For the total traffic volume and median income, there was a very low negative correlation.
For total traffic volume and the amount of people in the labour force, there was also very low correlation.

The p-value was not statsically significant for total_median_income, therefore we cannot reject the null hypothesis if we pursue this route.

### Test #4
Traffic flow will be averaged from all intersections on a per-neighborhood basis. 

In [66]:
# getting the median volume of all intersections based on neighborhood ID
test4_df_grouped = df.groupby('neighbourhood_id')['total_traffic_volume'].mean().reset_index()

# Prepare a df to merge into
df4merge = df.drop(['total_traffic_volume','location_id'],axis=1)
#df2merge

# merge df if total_median income and total traffic volume per each neighborhood
test4_df = pd.merge(test4_df_grouped, df3merge, how="inner", on=['neighbourhood_id', 'neighbourhood_id'])

# Remove duplicated rows after merging
test4_df = test4_df.drop_duplicates()

test4_df

Unnamed: 0,neighbourhood_id,total_traffic_volume,total_median_income,labor_force_amount
0,1,16104.320755,33600,18405
53,2,15180.071429,29600,14360
67,3,14939.166667,32800,4990
73,4,11302.333333,33600,5305
82,5,10677.166667,34400,4425
...,...,...,...,...
2537,170,89714.882353,44000,8620
2554,171,19694.620690,41200,14040
2583,172,15076.162162,38000,7460
2620,173,18812.250000,46000,10870


In [68]:
# Calculate Pearson correlation coefficients and p-values
corr_income, pval_income = pearsonr(test4_df['total_traffic_volume'], test4_df['total_median_income'])
corr_labor, pval_labor = pearsonr(test4_df['total_traffic_volume'], test4_df['labor_force_amount'])

print("Pearson correlation coefficient between total_traffic_volume and total_median_income:", corr_income)
print("P-value for total_median_income:", pval_income)

print("Pearson correlation coefficient between total_traffic_volume and labor_force_amount:", corr_labor)
print("P-value for labor_force_amount:", pval_labor)

Pearson correlation coefficient between total_traffic_volume and total_median_income: 0.0095200146484541
P-value for total_median_income: 0.9054993797141337
Pearson correlation coefficient between total_traffic_volume and labor_force_amount: 0.13275000935339482
P-value for labor_force_amount: 0.09636057012554836


#### Results #4
There is practically no relatonship between the average traffic flow from all intersections in a neighborhood and the medium income of people.
There is very small correlation between the average traffic flow from all intersections in a nieghborhood, and the amount of people in the labour force.

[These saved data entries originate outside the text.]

(* Let $(V,g)$ be a Euclidean vector space and $\mathfrak{g}\subseteq\mathfrak{so}(V)$ a Lie subalgebra. Let $V=V_0\oplus\bigoplus_{k=1}^dV_k$ be an orthogonal decomposition where $\mathfrak{g}$ acts trivially on $V_0$ and irreducibly on each $V_k$, $1\le k\le d$. For each $k$ let $\hat V_k=\bigoplus_{j\neq k,\,1\le j\le d}V_j$ and let $\hat{\mathfrak{g}}_k\subseteq\mathfrak{g}$ be the ideal consisting of elements of $\mathfrak{g}$ acting trivially on $\hat V_k$ (regarded as a subalgebra of $\mathfrak{so}(V_k)$). Then $$\Lambda^3V\cap(\Lambda^1V\otimes\mathfrak{g})=\bigoplus_{k=1}^d\Lambda^3V_k\cap(\Lambda^1V_k\otimes\hat{\mathfrak{g}}_k).$$
   Context: $\Lambda^2V$ is identified with $\mathfrak{so}(V)$ via $F\mapsto g(F\cdot,\cdot)$; $\Lambda^3W\cap(\Lambda^1W\otimes\mathfrak{h})=\{T\in\Lambda^3W:X\lrcorner T\in\mathfrak{h}\ \forall X\in W\}$. *)

From HB Require Import structures.
From mathcomp Require Import all_boot all_order all_algebra.
Set Implicit Arguments. Unset Strict Implicit. Unset Printing Implicit Defensive.
Import Order.TTheory GRing.Theory Num.Theory.
Local Open Scope ring_scope.

(* Conventions:
   - the Euclidean space (V,g) is R^n (row vectors 'rV[R]_n) with the standard
     inner product g(u,v) = (u *m v^T) 0 0;
   - a matrix A : 'M_n acts on row vectors on the right: v |-> v *m A;
   - so(V) = skew matrices (A^T = - A);
   - subspaces are row spaces of matrices (mxalgebra, %MS);
   - a subspace g of 'M_n (Lie subalgebra) is the row space of a matrix
     g : 'M_(m, n*n) via mxvec. *)

Section Defs.
Variables (R : realFieldType) (n : nat).

Definition in_mxsp m (g : 'M[R]_(m, n * n)) (A : 'M[R]_n) : Prop :=
  (mxvec A <= g)%MS.

Definition tensor3 := {ffun 'I_n * 'I_n * 'I_n -> R}.

Definition is_3form (T : tensor3) : Prop :=
  (forall i j k, T (i, j, k) = - T (j, i, k)) /\
  (forall i j k, T (i, j, k) = - T (i, k, j)).

(* X _| T, as an element of Lambda^2 V identified with so(V) via
   F |-> g(F.,.):  the matrix F with  g(Y *m F, Z) = T(X,Y,Z). *)
Definition contr (X : 'rV[R]_n) (T : tensor3) : 'M[R]_n :=
  \matrix_(j, k) \sum_(i < n) X 0 i * T (i, j, k).
(* Let $Y$, $X$ be real random variables and $\boldsymbol{Z}=(Z_1,\ldots,Z_{k_z})^T$ a random $k_z$-vector, with finite second moments and known joint distribution, satisfying $$Y=X\beta+\boldsymbol{Z}^T\boldsymbol{\gamma}+U,\qquad \operatorname{cov}(\boldsymbol{Z},U)=\boldsymbol{\alpha},$$ where $\beta\in\mathbb{R}$ is unknown, $\boldsymbol{\gamma},\boldsymbol{\alpha}\in\mathbb{R}^{k_z}$ are unknown and $U$ is an unobserved random variable. Assume: (1) (relevance) $\operatorname{cov}(\boldsymbol{Z},X)\neq\boldsymbol{0}$; (2) (sufficient variation) $\boldsymbol{\Sigma}_z:=\operatorname{var}(\boldsymbol{Z})$ is invertible; (3) (invalid instruments) $\gamma_\ell\alpha_\ell=0$ for every $\ell\in\{1,\ldots,k_z\}$; (4) (general partial exogeneity and exclusion) there are known constants $\tilde\delta_j\geq 0$, $j=1,\ldots,s_{k_z}$, such that $\left|(\operatorname{var}(\tilde Z_j))^{-1}\operatorname{cov}(\tilde Z_j,\tilde U)\right|\leq\tilde\delta_j$ for all $j$, where $\tilde U:=Y-X\beta=\boldsymbol{Z}^T\boldsymbol{\gamma}+U$ and $\tilde Z_j$ are the transformed instruments defined in the context. Then: (i) The falsification adaptive set is $$FAS=\left[\min_{j\in\tilde{\mathcal{L}}_{rel}}\frac{\tilde\psi_j}{\tilde\pi_j},\ \max_{j\in\tilde{\mathcal{L}}_{rel}}\frac{\tilde\psi_j}{\tilde\pi_j}\right],$$ where $\tilde{\mathcal{L}}_{rel}=\{j\in\{1,\ldots,s_{k_z}\}:\tilde\pi_j\neq 0\}$ and $s_{k_z}=k_z2^{k_z-1}$ is the number of all just-identified IV model specifications. (ii) If there is at least one instrument that is relevant and valid, then $\beta\in FAS$, so that $FAS$ is the identified set for $\beta$.
   Context: Transformed just-identifying instruments: for $\ell\in\{1,\ldots,k_z\}$ let $A_{-\ell}=\{1,\ldots,k_z\}\setminus\{\ell\}$ and let $C$ range over all $2^{k_z-1}$ subsets of $A_{-\ell}$ (including $\emptyset$ and $A_{-\ell}$). Define the population linear projection error $Z_{\ell|C}:=Z_\ell-\boldsymbol{Z}_C^T\boldsymbol{\phi}_{C\ell}$, where $\boldsymbol{\phi}_{C\ell}=(\operatorname{var}(\boldsymbol{Z}_C))^{-1}\operatorname{cov}(\boldsymbol{Z}_C,Z_\ell)$ (with $Z_{\ell|\emptyset}=Z_\ell$); it is the just-identifying instrument in the specification where $\boldsymbol{Z}_C$ are included as controls and $\boldsymbol{Z}_{A_{-\ell}\setminus C}$ are omitted. Enumerating all pairs $(\ell,C)$ gives $s_{k_z}=k_z2^{k_z-1}$ variables $\tilde Z_1,\ldots,\tilde Z_{s_{k_z}}$. Set $\tilde\pi_j=(\operatorname{var}(\tilde Z_j))^{-1}\operatorname{cov}(\tilde Z_j,X)$ and $\tilde\psi_j=(\operatorname{var}(\tilde Z_j))^{-1}\operatorname{cov}(\tilde Z_j,Y)$; $\tilde Z_j$ is called relevant if $\tilde\pi_j\neq0$. Identified set: for $\tilde{\boldsymbol{\delta}}\in\mathbb{R}^{s_{k_z}}_{\geq0}$, $\mathcal{B}(\tilde{\boldsymbol{\delta}})=\{b\in\mathbb{R}:-\tilde{\boldsymbol{\delta}}\leq\tilde{\boldsymbol{\psi}}-\tilde{\boldsymbol{\pi}}b\leq\tilde{\boldsymbol{\delta}}\}$ (componentwise). The falsification frontier $FF$ is the set of $\tilde{\boldsymbol{\delta}}\geq0$ with $\mathcal{B}(\tilde{\boldsymbol{\delta}})\neq\emptyset$ but $\mathcal{B}(\tilde{\boldsymbol{\delta}}')=\emptyset$ for every $\tilde{\boldsymbol{\delta}}'<\tilde{\boldsymbol{\delta}}$, where $\tilde{\boldsymbol{\delta}}'<\tilde{\boldsymbol{\delta}}$ means $\tilde\delta'_j\leq\tilde\delta_j$ for all $j$ with strict inequality for some $j$. The falsification adaptive set is $FAS=\bigcup_{\tilde{\boldsymbol{\delta}}\in FF}\mathcal{B}(\tilde{\boldsymbol{\delta}})$. An instrument $Z_\ell$ is valid if $\alpha_\ell=\gamma_\ell=0$. A valid instrument $Z_\ell$ is relevant here if its associated transformed just-identifying instrument $Z_{\ell|C}$, with $C=\{r\neq\ell:\gamma_r\neq0\}$ (the instruments violating exclusion included as controls and those violating exogeneity omitted), satisfies $\operatorname{cov}(Z_{\ell|C},X)\neq 0$. *)

From HB Require Import structures.
From mathcomp Require Import all_boot all_order all_algebra.
From mathcomp Require Import all_classical all_reals all_analysis.
Set Implicit Arguments. Unset Strict Implicit. Unset Printing Implicit Defensive.
Import Order.TTheory GRing.Theory Num.Theory.
Local Open Scope classical_set_scope.
Local Open Scope ring_scope.
(* Let $1/q$ be a prime power, $\Bbbk=\mathbb{F}_{1/q}$, $\alpha=(\alpha_1,\dots,\alpha_k),\beta$ weak compositions of $n$, and $M\in\mathbb{N}^{k\times l}$ with row sums $\alpha$ and column sums $\beta$. Let $E\in\mathrm{Fl}_\alpha$ be the standard flag. Then the number of $F'\in\mathrm{Fl}_\beta$ such that $(E,F')$ has relative position $M$ is $$q^{-\sum_{1\le i'\le i\le k,\,1\le j<j'\le l}M_{i,j}M_{i',j'}}\frac{\prod_{i=1}^k[\alpha_i]_q!}{\prod_{i,j}[M_{i,j}]_q!}.$$
   Context: $\mathrm{Fl}_\alpha$ is the set of chains $0=F_0\subseteq\cdots\subseteq F_k=\Bbbk^n$ with $\dim F_i=\alpha_1+\cdots+\alpha_i$; $E_i=\langle e_1,\dots,e_{\alpha_1+\cdots+\alpha_i}\rangle$. For $F\in\mathrm{Fl}_\alpha$, $F'\in\mathrm{Fl}_\beta$, the relative position of $(F,F')$ is the unique $M\in\mathbb{N}^{k\times l}$ with $\dim(F_i\cap F'_j)=\sum_{i'\le i,j'\le j}M_{i',j'}$ for all $0\le i\le k$, $0\le j\le l$. $[m]_q!=\prod_{r=1}^m(1+q+\cdots+q^{r-1})$. Note the index set in the exponent allows $i'=i$. *)

From HB Require Import structures.
From mathcomp Require Import all_boot all_order all_algebra all_field.
Set Implicit Arguments. Unset Strict Implicit. Unset Printing Implicit Defensive.
Import GRing.Theory Num.Theory.
Local Open Scope ring_scope.

(* partial sums a_1 + ... + a_i (0-based: sum over i' < i) *)
Definition psum (k : nat) (a : 'I_k -> nat) (i : nat) : nat :=
  (\sum_(i' < k | (i' < i)%N) a i')%N.

Definition qfact (R : comNzRingType) (q : R) (m : nat) : R :=
  \prod_(1 <= r < m.+1) \sum_(s < r) q ^+ s.

(* Subspaces of k^n are represented canonically by matrices A with <<A>> = A
   (row space).  A flag of type b is a chain F_0 <= ... <= F_l of such
   subspaces with dim F_j = b_1 + ... + b_j. *)
Definition is_flag (F : finFieldType) (n l : nat) (b : 'I_l -> nat)
  (Fl : {ffun 'I_l.+1 -> 'M[F]_n}) : bool :=
  [forall j : 'I_l.+1, ((<<Fl j>>)%MS == Fl j) && (\rank (Fl j) == psum b j)]
  && [forall j : 'I_l, (Fl (inord j) <= Fl (inord j.+1))%MS].

Definition std_flag (F : finFieldType) (n k : nat) (a : 'I_k -> nat)
  (i : 'I_k.+1) : 'M[F]_n := pid_mx (psum a i).

Definition has_relpos (F : finFieldType) (n k l : nat)
  (E : 'I_k.+1 -> 'M[F]_n) (Fl : {ffun 'I_l.+1 -> 'M[F]_n})
  (M : 'M[nat]_(k, l)) : bool :=
  [forall i : 'I_k.+1, forall j : 'I_l.+1,
     \rank (E i :&: Fl j)%MS ==
     (\sum_(i' < k | (i' < i)%N) \sum_(j' < l | (j' < j)%N) M i' j')%N].

From HB Require Import structures.
From mathcomp Require Import all_boot all_order all_algebra all_field.
From mathcomp Require Import zify ring.
Set Implicit Arguments. Unset Strict Implicit. Unset Printing Implicit Defensive.
Import Order.TTheory GRing.Theory Num.Theory.
Local Open Scope ring_scope.

(* Induction on the number of blocks of F'.  If F' has relative position M
   with E, its penultimate member V meets each E_i in the dimension prescribed
   by M minus its last column M', i.e. V lies in a Schubert cell of E; and the
   rest of F' is any flag of V in relative position M' with the induced flag
   E_i :&: V.  So the count is (size of the cell) x (count for M').
   The cell is counted one step of E at a time: the subspaces V of E_(i+1)
   with V :&: E_i = V' and dim V = dim V' + r are spanned, over V', by the
   r-tuples of vectors of E_(i+1) independent modulo E_i, each V by as many
   tuples as V has tuples independent modulo V'.  Both tuple counts are
   products of terms Q^w - Q^(e+t), and their quotient is exactly the factor
   by which the closed formula changes when the last column of M is removed. *)

Lemma psumS k (a : 'I_k -> nat) (i : 'I_k) : psum a i.+1 = (psum a i + a i)%N.
Proof.
rewrite /psum (bigD1 i) ?ltnSn //= addnC; congr (_ + _)%N.
by apply: eq_bigl => i'; rewrite ltnS ltn_neqAle andbC.
Qed.

Definition relpos_exponent k l (f : 'I_k -> 'I_l -> nat) : nat :=
  (\sum_(i < k) \sum_(i' < k | (i' <= i)%N)
     \sum_(j < l) \sum_(j' < l | (j < j')%N) f i j * f i' j')%N.

Lemma eq_relpos_exponent k l (f g : 'I_k -> 'I_l -> nat) : f =2 g ->
  relpos_exponent f = relpos_exponent g.
Proof.
move=> fg; apply: eq_bigr => i _; apply: eq_bigr => i' _; apply: eq_bigr => j _.
by apply: eq_bigr => j' _; rewrite !fg.
Qed.

Lemma relpos_exponent_recr k l (f : 'I_k -> 'I_l.+1 -> nat) :
  let f' i j := f i (widen_ord (leqnSn l) j) in
  relpos_exponent f = (relpos_exponent f' +
    \sum_(i < k) (\sum_(j < l) f' i j) * psum (f^~ ord_max) i.+1)%N.
Proof.
move=> f'; rewrite /relpos_exponent -big_split /=; apply: eq_bigr => i _.
rewrite big_distrr /= -big_split /=; apply: eq_bigr => i' _.
rewrite big_ord_recr /= [X in (_ + X)%N]big_pred0 => [|j']; last first.
  by rewrite ltnNge -ltnS ltn_ord.
rewrite addn0 big_distrl /= -big_split /=; apply: eq_bigr => j _.
by rewrite [in LHS]big_mkcond big_ord_recr /= -big_mkcond /= ltn_ord.
Qed.

Definition dropcol k l (M : 'M[nat]_(k, l.+1)) : 'M[nat]_(k, l) :=
  \matrix_(i, j) M i (widen_ord (leqnSn l) j).

Definition rowsum k l (M : 'M[nat]_(k, l)) (i : 'I_k) : nat := (\sum_(j < l) M i j)%N.

Section QFactorial.
Variable R : comNzRingType.
Lemma in_chain n u (x : num n) :
  odd u -> (x \in chain n u) = (0 < val x) && (odd_part x == u).
Proof.
move=> odd_u; rewrite inE; case: (posnP (val x)) => //= x_gt0.
apply/existsP/eqP => [[e /eqP ->]|<-]; first exact: odd_part_mul.
have log_lt : logn 2 x < (n.*2).+1.
  apply: leq_trans (ltn_expl _ (ltnSn 1)) _.
  apply: leq_trans _ (ltnW (ltn_ord x)).
  by rewrite -{2}(odd_partK x) leq_pmull // odd_part_gt0.
by exists (Ordinal log_lt); rewrite /= odd_partK.
Qed.

Lemma primitiveP n (A : {set num n}) x y :
  primitive A -> x \in A -> y \in A -> val x %| val y -> x = y.
Proof.
move=> /forallP /(_ x) /implyP primA xA yA.
by move: (primA xA) => /forallP /(_ y) /implyP /(_ yA) /implyP H /H /eqP.
Qed.

Lemma primitiveS n (A B : {set num n}) :
  B \subset A -> primitive A -> primitive B.
Proof.
move=> sBA primA; apply/forallP => x; apply/implyP => xB.
apply/forallP => y; apply/implyP => yB; apply/implyP => dvd_xy; apply/eqP.
exact: primitiveP primA (subsetP sBA _ xB) (subsetP sBA _ yB) dvd_xy.
Qed.

Lemma primitive_odd_part_inj n (A : {set num n}) :
  primitive A -> {in A &, injective (fun x : num n => odd_part x)}.
Proof.
move=> primA x y xA yA /eq_odd_part_dvdn /orP[] dvd.
  exact: primitiveP primA xA yA dvd.
exact/esym/(primitiveP primA yA xA dvd).
Qed.

Definition top n : {set num n} := [set x : num n | n < val x].

Lemma top_sub_ground n : top n \subset ground n.
Proof. by apply/subsetP => x; rewrite !inE; apply: leq_ltn_trans. Qed.

Lemma card_top n : #|top n| = n.
Proof.
have shift_lt (i : 'I_n) : n.+1 + i < (n.*2).+1 by have := ltn_ord i; lia.
have -> : top n = [set Ordinal (shift_lt i) | i : 'I_n].
  apply/setP => -[x x_lt]; rewrite inE /=; apply/idP/imsetP.
    move=> n_lt_x; have i_lt : x - n.+1 < n by lia.
    by exists (Ordinal i_lt) => //; apply: val_inj => /=; lia.
  by case=> -[i i_lt] _ [->] /=; lia.
rewrite card_imset ?card_ord // => -[i i_lt] [j j_lt] /(congr1 val) /= eq_ij.
by apply: val_inj => /=; lia.
Qed.

Lemma top_primitive n : primitive (top n).
Proof.
apply/forallP => x; apply/implyP; rewrite inE => x_top.
apply/forallP => y; apply/implyP; rewrite inE => y_top.
apply/implyP => /dvdnP[c y_eq]; apply/eqP/val_inj.
move: (ltn_ord y) x_top y_top; rewrite /= y_eq.
case: c {y_eq} => [|[|c]]; rewrite ?mul0n ?mul1n // => y_lt x_top _.
have : 2 * x <= c.+2 * x by rewrite leq_mul2r orbT.
by move: y_lt x_top; case: x => x' ? /=; lia.
Qed.

Lemma exists_top_mul2exp n v :
  0 < v -> v <= n.*2 -> exists k, n < v * 2 ^ k <= n.*2.
Proof.
have [d] := ubnP (n.*2 - v); elim: d v => [//|d IH] v lt_d v_gt0 v_le.
case: (ltnP n v) => [n_lt_v|v_le_n]; first by exists 0; rewrite muln1 n_lt_v.
have [|||k bounds] := IH (v * 2); try lia.
by exists k.+1; rewrite expnS mulnA.
Qed.

Lemma top_meets_chain n v :
  odd v -> v <= n.*2 -> exists2 t : num n, t \in top n & odd_part t = v.
Proof.
move=> odd_v v_le; have v_gt0 : 0 < v by case: v odd_v {v_le}.
have [k /andP[n_lt le_2n]] := exists_top_mul2exp v_gt0 v_le.
have lt_2n : v * 2 ^ k < (n.*2).+1 by [].
by exists (Ordinal lt_2n); rewrite ?inE ?odd_part_mul.
Qed.

Definition chain_closed n (X : {set num n}) : Prop :=
  forall x, x \in X -> 0 < val x /\ chain n (odd_part x) \subset X.

Lemma chain_closed_bigcup n (S : {set num n}) :
  (forall u, u \in S -> odd (val u)) ->
  chain_closed (\bigcup_(u in S) chain n (val u)).
Proof.
move=> S_odd x /bigcupP[u uS]; rewrite in_chain ?S_odd // => /andP[x_gt0 /eqP->].
by split => //; apply: bigcup_sup uS.
Qed.

(* Each element of a primitive subset of X is sent to the unique top element
   of its chain; primitivity makes this injective. *)
Lemma maxprim_chain_closed n (X : {set num n}) :
  chain_closed X -> maxprim X = #|top n :&: X|.
Proof.
move=> closedX; apply/eqP; rewrite eqn_leq; apply/andP; split; last first.
  apply: leq_bigmax_cond.
  by rewrite subsetIr (primitiveS (subsetIl _ _) (top_primitive n)).
apply/bigmax_leqP => B /andP[sBX primB].
pose g (b : num n) := odflt b [pick t in top n :&: X | odd_part t == odd_part b].
have gP b : b \in B -> (g b \in top n :&: X) && (odd_part (g b) == odd_part b).
  move=> bB; have [b_gt0 chain_sub] := closedX b (subsetP sBX _ bB).
  have b_le : odd_part b <= n.*2 := leq_trans (leq_odd_part b) (ltn_ord b).
  have [t t_top t_odd] := top_meets_chain (odd_part_odd b_gt0) b_le.
  rewrite /g; case: pickP => [t' /andP[-> ->] //|/(_ t)].
  rewrite inE t_top t_odd eqxx andbT /= => /negP[].
  apply: (subsetP chain_sub); rewrite in_chain ?odd_part_odd // t_odd eqxx.
  by move: t_top; rewrite inE andbT; apply: leq_ltn_trans.
rewrite -(card_in_imset (f := g)); last first.
  move=> b1 b2 b1B b2B eq_g; apply: (primitive_odd_part_inj primB b1B b2B) => /=.
  by move: (gP _ b1B) (gP _ b2B) => /andP[_ /eqP<-] /andP[_ /eqP<-]; rewrite eq_g.
apply/subset_leq_card/subsetP => t /imsetP[b bB ->].
by case/andP: (gP _ bB).
Qed.

Lemma card_setI_partition (T I : finType) (C : I -> {set T}) (A : {set T}) :
  (forall x, x \in A -> exists! i, x \in C i) -> #|A| = \sum_i #|A :&: C i|.
Proof.
move=> uniq_part.
have one_part x : x \in A -> \sum_(i | x \in C i) 1 = 1.
  move=> xA; have [i0 [x_i0 i0_uniq]] := uniq_part x xA.
  rewrite sum1_card -(card1 i0); apply: eq_card => i; rewrite inE /=.
  by apply/idP/eqP => [/i0_uniq ->|->].
rewrite -sum1_card (eq_bigr _ (fun x xA => esym (one_part x xA))).
under eq_bigr do rewrite big_mkcond /=.
rewrite exchange_big; apply: eq_bigr => i _.
by rewrite -big_mkcondr sum1_card; apply: eq_card => x; rewrite !inE.
Qed.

Furthermore, the p-values for both features are above 0.05, making these relationships not statisically significant

## Discussion

**Hypothesis**: Per each neighborhood, there is a relationship between the total traffic volume across all intersections and the amount of people in the labor force.

**Null-hypothesis**: Per each neighborhood, there is not a relationship between the total traffic volume across all intersections and the amount of people in the labor force.

### Excerpt  of Test #2 Results:
- For the correlation between total traffic volume and amount of people in the labor force:
  - Spearman correlation coefficient: 0.4418
  - P-value: 6.20e-09

### Conclusion
At a significance level of 0.05, the results of Test #2 <b>indicate a rejection of the null hypothesis</b>, suggesting a statistically significant relationship between the total traffic volume across all intersections and the number of people in the labor force within each neighborhood. As a result, further investigation will be pursued to glean additional insights into the significance of this relationship and its implications for understanding local economic expansion.